Regardless of the mode, Rogue Company is not a frenetic affair. Despite the game having a few ziplines and low walls to hop over, the actual pace of play is governed by the overall slower foot speed of every character. Running into any encounter will likely turn you into a bullet sponge. Instead, there’s a greater emphasis on managing your shots, gaining a positional advantage, and coordinating with your teammates. There are certainly exciting moments to be had, but there’s a deliberate pace of play that the game really pushes players towards.

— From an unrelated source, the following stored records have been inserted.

Lemma crowding_ge (i j : nat) : (j < n)%nat ->
  / Cmod (pos j - pos i) <= crowding i.
Proof.
  intros Hj. apply inv_norm_sum_ge, in_map_iff.
  exists j. split; [reflexivity|]. apply in_seq. lia.
Qed.

Lemma crowding_pos (i j : nat) : (j < n)%nat -> pos j <> pos i -> 0 < crowding i.
Proof.
  intros Hj Hji. pose proof (crowding_ge i j Hj).
  pose proof (Rinv_0_lt_compat _ (proj1 (Cmod_gt_0 _) (Cminus_neq_0 _ _ Hji))).
  lra.
Qed.

Lemma view_inv_norm_sum (i : nat) : F i <> origin ->
  inv_norm_sum (local_view n (F i) pos i) = Cmod (F i) * crowding i.
Proof. intros HF. exact (inv_norm_sum_scale (fun j => (pos j - pos i)%C) (F i) _ HF). Qed.

Lemma move_norm (i : nat) : F i <> origin -> 0 < crowding i ->
  Cmod (move i) = step_ratio (A i) / crowding i.
Proof.
  intros HF Hcr. pose proof (proj1 (Cmod_gt_0 _) HF).
  unfold move, scatter_target. rewrite view_inv_norm_sum by exact HF.
  destruct Req_EM_T as [E|_]; [nra|].
  rewrite Cmod_mult, Cmod_R, Rabs_pos_eq.
  - field. lra.
  - apply Rmult_le_pos; [apply step_ratio_bounds|]. apply inv_nonneg. nra.
Qed.

Lemma move_nonzero (i : nat) : F i <> origin -> (1 <= A i)%nat -> move i <> 0.
Proof.
  intros HF Hk E. apply (f_equal Cmod) in E.
  unfold move, scatter_target in E. rewrite Cmod_0, Cmod_mult, Cmod_R in E.
  pose proof (proj1 (Cmod_gt_0 _) HF).
  apply Rmult_integral in E as [E|E]; [lra|]. apply Rabs_eq_0 in E.
  pose proof (inv_norm_sum_nonneg (local_view n (F i) pos i)).
  destruct Req_EM_T as [_|Hne].
  - pose proof (lt_0_INR (A i) ltac:(lia)). lra.
  - pose proof (step_ratio_pos _ Hk).
    assert (0 < step_ratio (A i) / inv_norm_sum (local_view n (F i) pos i))
      by (apply Rdiv_lt_0_compat; lra).
    lra.
Qed.

Lemma move_class0 (i : nat) : A i = 0%nat -> move i = 0.
Proof.
  intros H0. unfold move, scatter_target, step_ratio. rewrite H0. simpl INR.
  destruct Req_EM_T; unfold Rdiv; rewrite ?Rmult_0_l; apply Cmult_0_r.
Qed.

Lemma displacement_short (i j : nat) : (j < n)%nat -> pos j <> pos i -> F i <> origin ->
  Cmod (displacement i) <= / 4 * Cmod (pos j - pos i).
Proof.
  intros Hj Hji HF. pose proof (Cmod_ge_0 (pos j - pos i)).
  unfold displacement. destruct (act i); [|rewrite Cmod_0; lra].
  pose proof (crowding_pos i j Hj Hji) as Hcr.
  rewrite move_norm by assumption.
  set (D := Cmod (pos j - pos i)).
  assert (HD : 0 < D) by exact (proj1 (Cmod_gt_0 _) (Cminus_neq_0 _ _ Hji)).
  assert (Hinv : / crowding i <= D).
  { rewrite <- (Rinv_inv D). apply Rinv_le_contravar; [now apply Rinv_0_lt_compat|].
    apply crowding_ge, Hj. }
  pose proof (step_ratio_bounds (A i)). pose proof (inv_nonneg _ (Rlt_le _ _ Hcr)).
  unfold Rdiv. nra.
Qed.

Definition next_pos (i : nat) : C := (pos i + displacement i)%C.

Lemma next_pos_no_merge (a b : nat) : (a < n)%nat -> (b < n)%nat ->
  pos a <> pos b -> F a <> origin -> F b <> origin -> next_pos a <> next_pos b.
Proof.
  intros Ha Hb Hab HFa HFb. apply short_moves_no_merge; [exact Hab| |].
  - apply displacement_short; auto.
  - apply displacement_short; auto.
Qed.

(** Co-located robots of different classes split when one of class [>= 1]
    is activated while some point is occupied elsewhere: their moves have
    different lengths. *)
Lemma next_pos_splits (i j w : nat) : (w < n)%nat ->
  pos i = pos j -> pos w <> pos i -> act i = true -> (1 <= A i)%nat -> A i <> A j ->
  F i <> origin -> F j <> origin -> next_pos i <> next_pos j.
Proof.
  intros Hw Hij Hwi Hact Hk Hne HFi HFj E.
  unfold next_pos in E. rewrite Hij in E. apply Cplus_reg_l in E.
  assert (Hcr : 0 < crowding i) by exact (crowding_pos i w Hw Hwi).
  assert (Hcrj : crowding j = crowding i) by (unfold crowding; now rewrite Hij).
  pose proof (move_norm i HFi Hcr) as Hmi.
  pose proof (step_ratio_pos _ Hk).
  unfold displacement in E. rewrite Hact in E.
  destruct (act j).
  - rewrite E, move_norm, Hcrj in Hmi by (rewrite ?Hcrj; assumption).
    apply Hne, step_ratio_inj.
    apply (f_equal (fun z => z * crowding i)) in Hmi. field_simplify in Hmi; lra.
  - rewrite E, Cmod_0 in Hmi.
    assert (0 < step_ratio (A i) / crowding i) by (apply Rdiv_lt_0_compat; lra).
    lra.
Qed.

Lemma next_pos_escapes (i z : nat) :
  pos i = pos z -> act i = true -> (1 <= A i)%nat -> A z = 0%nat -> F i <> origin ->
  next_pos i <> next_pos z.
Proof.
  intros Hiz Hact Hk Hz HF E.
  unfold next_pos in E. rewrite Hiz in E. apply Cplus_reg_l in E.
  unfold displacement in E. rewrite Hact in E.
  rewrite (move_class0 z Hz) in E.
  destruct (act z); exact (move_nonzero i HF Hk E).
Qed.

End OneRound.

Definition eventually (P : nat -> Prop) : Prop := exists T, forall t, (T <= t)%nat -> P t.

Lemma eventually_forall_lt (N : nat) (Q : nat -> nat -> Prop) :
  (forall x, (x < N)%nat -> eventually (Q x)) ->
  eventually (fun t => forall x, (x < N)%nat -> Q x t).
Proof.
  induction N as [|N IH]; intros HQ.
  - exists 0%nat. intros t _ x Hx. lia.
  - destruct IH as [T1 H1]; [intros x Hx; apply HQ; lia|].
    destruct (HQ N ltac:(lia)) as [T2 H2].
    exists (Nat.max T1 T2). intros t Ht x Hx.
    destruct (Nat.eq_dec x N) as [->|Hne]; [apply H2; lia|apply H1; lia].
Qed.

Lemma separated_classes_scatter (n c : nat) (A : nat -> nat) (pos : nat -> point) :
  is_assignment n c A ->
  (forall i j, (i < n)%nat -> (j < n)%nat -> A i <> A j -> pos i <> pos j) ->
  at_least_distinct n c pos.
Proof.
  intros [_ Hsurj] Hsep.
  assert (Hrep : forall m, (m <= c)%nat -> exists l : list point, length l = m /\ NoDup l /\
            forall p, In p l -> exists i, (i < n)%nat /\ (A i < m)%nat /\ p = pos i).
  { induction m as [|m IH]; intros Hm.
    - exists []. repeat split; [constructor|]. intros p [].
    - destruct (IH ltac:(lia)) as [l [Hl [Hnodup Hin]]].
      destruct (Hsurj m ltac:(lia)) as [r [Hr Hrm]].
      exists (pos r :: l). repeat split; [simpl; lia| |].
      + constructor; [|exact Hnodup]. intros Hp.
        destruct (Hin _ Hp) as [i [Hi [Him Ep]]].
        apply (Hsep i r Hi Hr); [lia|easy].
      + intros p [<-|Hp]; [exists r; repeat split; auto; lia|].
        destruct (Hin p Hp) as [i [Hi [Him Ep]]]. exists i. repeat split; auto. }
  destruct (Hrep c (le_n c)) as [l [Hl [Hnodup Hin]]].
  exists l. repeat split; auto.
  intros p Hp. destruct (Hin p Hp) as [i [Hi [_ ->]]].
  apply in_map, in_seq. lia.
Qed.

Section ScatterExecution.
Variables (n c : nat) (A : nat -> nat) (F : nat -> point) (P0 : nat -> point)
  (act : nat -> nat -> bool) (z : nat).
Hypothesis A_range : forall i, (i < n)%nat -> (A i < c)%nat.
Hypothesis z_range : (z < n)%nat.
Hypothesis z_class0 : A z = 0%nat.
Hypothesis frames_nondegenerate : forall i, F i <> origin.
Hypothesis schedule_fair : fair n act.

Local Notation pos := (exec n (scatter_algorithm c) A F P0 act).

Lemma exec_scatter_step (t i : nat) : (i < n)%nat ->
  pos (S t) i = next_pos n A F (act t) (pos t) i.
Proof.
  intros Hi. simpl. unfold next_pos, displacement, move.
  destruct (act t i).
  - now rewrite nth_scatter_algorithm by (apply A_range, Hi).
  - apply injective_projections; simpl; ring.
Qed.

Lemma separation_persists (a b t t' : nat) : (a < n)%nat -> (b < n)%nat ->
  pos t a <> pos t b -> (t <= t')%nat -> pos t' a <> pos t' b.
Proof.
  intros Ha Hb Hab Ht. induction Ht as [|t' _ IH]; [exact Hab|].
  rewrite !exec_scatter_step by assumption.
  apply next_pos_no_merge; auto.
Qed.

Lemma separated_after_activation (i j w t : nat) :
  (i < n)%nat -> (j < n)%nat -> (w < n)%nat -> (1 <= A i)%nat -> A i <> A j ->
  act t i = true -> pos t w <> pos t i -> eventually (fun t' => pos t' i <> pos t' j).
Proof.
  intros Hi Hj Hw Hk Hne Hact Hwi.
  destruct (classic (pos t i = pos t j)) as [Hij|Hij].
  - exists (S t). intros t' Ht'. apply (separation_persists i j (S t)); auto.
    rewrite !exec_scatter_step by assumption.
    apply (next_pos_splits n A F (act t) (pos t) i j w); auto.
  - exists t. intros t' Ht'. now apply (separation_persists i j t).
Qed.

(** Every robot of class [>= 1] eventually separates from each robot of
    another class: if at its next activation all robots are co-located, it
    first leaves robot [z], and its following activation separates it. *)
Lemma eventually_separated (i j : nat) : (i < n)%nat -> (j < n)%nat ->
  (1 <= A i)%nat -> A i <> A j -> eventually (fun t => pos t i <> pos t j).
Proof.
  intros Hi Hj Hk Hne.
  destruct (schedule_fair i Hi 0%nat) as [t1 [_ Hact1]].
  destruct (classic (exists w, (w < n)%nat /\ pos t1 w <> pos t1 i)) as [[w [Hw Hwi]]|Hgathered].
  - exact (separated_after_activation i j w t1 Hi Hj Hw Hk Hne Hact1 Hwi).
  - assert (Hzi : pos t1 i = pos t1 z).
    { apply NNPP. intros Hzi. apply Hgathered. exists z. auto. }
    assert (Hescape : pos (S t1) i <> pos (S t1) z).
    { rewrite !exec_scatter_step by assumption.
      apply next_pos_escapes; auto. }
    destruct (schedule_fair i Hi (S t1)) as [t2 [Ht2 Hact2]].
    apply (separated_after_activation i j z t2); auto.
    intros E. apply (separation_persists i z (S t1) t2); auto.
Qed.

Lemma eventually_classes_separated :
  eventually (fun t => forall i j, (i < n)%nat -> (j < n)%nat -> A i <> A j ->
                                   pos t i <> pos t j).
Proof.
  assert (H : eventually (fun t => forall i, (i < n)%nat -> forall j, (j < n)%nat ->
                                   A i <> A j -> pos t i <> pos t j)).
  { apply eventually_forall_lt. intros i Hi.
    apply (eventually_forall_lt n (fun j t => A i <> A j -> pos t i <> pos t j)).
    intros j Hj.
    destruct (Nat.eq_dec (A i) (A j)) as [Heq|Hne];
      [exists 0%nat; intros t _ Hne; contradiction|].
    (* at least one of the two robots has class [>= 1] *)
    destruct (Nat.eq_dec (A i) 0) as [Hi0|Hi0].
    - destruct (eventually_separated j i Hj Hi ltac:(lia) (not_eq_sym Hne)) as [T HT].
      exists T. intros t Ht _. apply not_eq_sym, HT, Ht.
    - destruct (eventually_separated i j Hi Hj ltac:(lia) Hne) as [T HT].
      exists T. intros t Ht _. apply HT, Ht. }
  destruct H as [T HT]. exists T. intros t Ht i j Hi Hj. now apply HT.
Qed.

Beyond that, two of the three modes put players in one-and-done settings. If you die, you’re sitting out for the rest of the round. The added pressure can really force players to slow down and really be mindful of their decisions. However, I personally struggled to get into a rhythm. Between no respawns and buy phases between each match, it almost feels like you spend more time waiting in Demolition and Extraction than playing. This likely isn’t true for more skilled players, but these two modes aren’t my cup of tea.
Once I found Strikeout, I couldn’t look back. Respawns aren’t plentiful, but I appreciate being able to quickly reenter the battle. With more time to fight, I felt way more satisfied with my efforts after each round. Strikeout is likely to be the least competitive of the three, but it’s my favourite to play.
Its overall gameplay is solid, though its presentation is a mixed bag. I appreciate that the game runs at a smooth 60 frames per second, even on the Nintendo Switch. Yes, there are a few concessions to visual fidelity, but the Switch version is a viable way to play, unlike the notable sacrifices that come with the Switch version of Overwatch. Having played it on PS4 and Nintendo Switch, I choose the latter for convenience. Regardless, the game supports cross-platform play and cross progression for a seamless jump between every version.
However, its overall presentation comes off as bland, even though the game is trying really hard to be anything but. Characters look unremarkable and lack the charm that other hero shooter rosters possess. It also hurts that their weapons and abilities are standard genre fare. Music by Run the Jewels feels bolted-on as a grasp at coolness but doesn’t really match the overall vibe of the game. Even the inclusion of Dr. Disrespect’s arena as a stage just make it feel more like a hodgepodge of things rather than forming an identity of its own.
There are aspects of Rogue Company that I adore. When in the thick of a Strikeout firefight, I’m having a blast. This mode alone is hogging of all of my gaming time. I also appreciate having cross-platform support and access to a capable Nintendo Switch version. And for the price of free-to-play, I’ll likely put many hours into this one without spending a dime. That said, I think I will support the studio by buying a few characters at some point.
However, there are large swaths of the game that don’t interest me, from two-thirds of its gameplay modes, to its bland presentation, to gameplay that could use a bit more flavour. Despite its cringe-worthy efforts to make this game appeal to a wider audience, this one is going to appeal a smaller crowd that appreciates this game’s tactical and methodical approach to combat.